Task requirements: Take the data below. Output it exactly from its first line through the line containing "by move=> /le_trans".
--- Record extracts Enclosed Below ---
Lemma ratio_le_add (R : realType) (k A B DX DY eta e s : R) :
  0 < k -> 0 < A -> 0 <= B -> 0 < s -> 0 < eta -> eta <= 1 -> 0 < e ->
  eta * (B / A + 1) * (k + 2) <= e * k -> 0 < DX ->
  DX <= (k + eta) * (s * A) -> k * (s * B) <= (1 + eta) * DY ->
  B / A <= DY / DX + e.
Proof.
move=> k0 A0 B0 s0 eta0 eta1 e0 small DX0 DXup DYlow.
set b := B / A; set v := DY / DX.
have b0 : 0 <= b by rewrite divr_ge0 // ltW.
have DY0 : 0 <= DY.
  have : 0 <= k * (s * B) by rewrite !mulr_ge0 // ltW.
  by move=> /le_trans /(_ DYlow); rewrite pmulr_rge0 //; lra.
have v0 : 0 <= v by rewrite divr_ge0 // ltW.
have kbv : k * b <= (1 + eta) * (k + eta) * v.
  rewrite -(ler_pM2l (mulr_gt0 s0 A0)).
  have -> : s * A * (k * b) = k * (s * B) by rewrite /b; field; rewrite gt_eqF.
  apply: le_trans DYlow _.
  rewrite (_ : s * A * _ = (1 + eta) * (v * ((k + eta) * (s * A)))); last ring.
  apply: ler_wpM2l; first lra.
  by rewrite (_ : DY = v * DX) ?ler_wpM2l // /v divfK // gt_eqF.
have : b * eta * (1 + k + eta) <= (1 + eta) * (k + eta) * e.
  have : b * eta * (1 + k + eta) <= eta * (b + 1) * (k + 2).
    by rewrite [b * eta]mulrC -mulrA -mulrA ler_wpM2l ?ltW //; nra.
  move=> /le_trans; apply; apply: le_trans small _.
  by rewrite [X in _ <= X]mulrC ler_wpM2l ?ltW //; nra.
have p0 : 0 < (1 + eta) * (k + eta) by apply: mulr_gt0; lra.
by move=> ?; rewrite -(ler_pM2l p0); nra.
Qed.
--- End of Enclosed Record extracts ---
Result of the exercise:
Lemma ratio_le_add (R : realType) (k A B DX DY eta e s : R) :
  0 < k -> 0 < A -> 0 <= B -> 0 < s -> 0 < eta -> eta <= 1 -> 0 < e ->
  eta * (B / A + 1) * (k + 2) <= e * k -> 0 < DX ->
  DX <= (k + eta) * (s * A) -> k * (s * B) <= (1 + eta) * DY ->
  B / A <= DY / DX + e.
Proof.
move=> k0 A0 B0 s0 eta0 eta1 e0 small DX0 DXup DYlow.
set b := B / A; set v := DY / DX.
have b0 : 0 <= b by rewrite divr_ge0 // ltW.
have DY0 : 0 <= DY.
  have : 0 <= k * (s * B) by rewrite !mulr_ge0 // ltW.
  by move=> /le_trans /(_ DYlow); rewrite pmulr_rge0 //; lra.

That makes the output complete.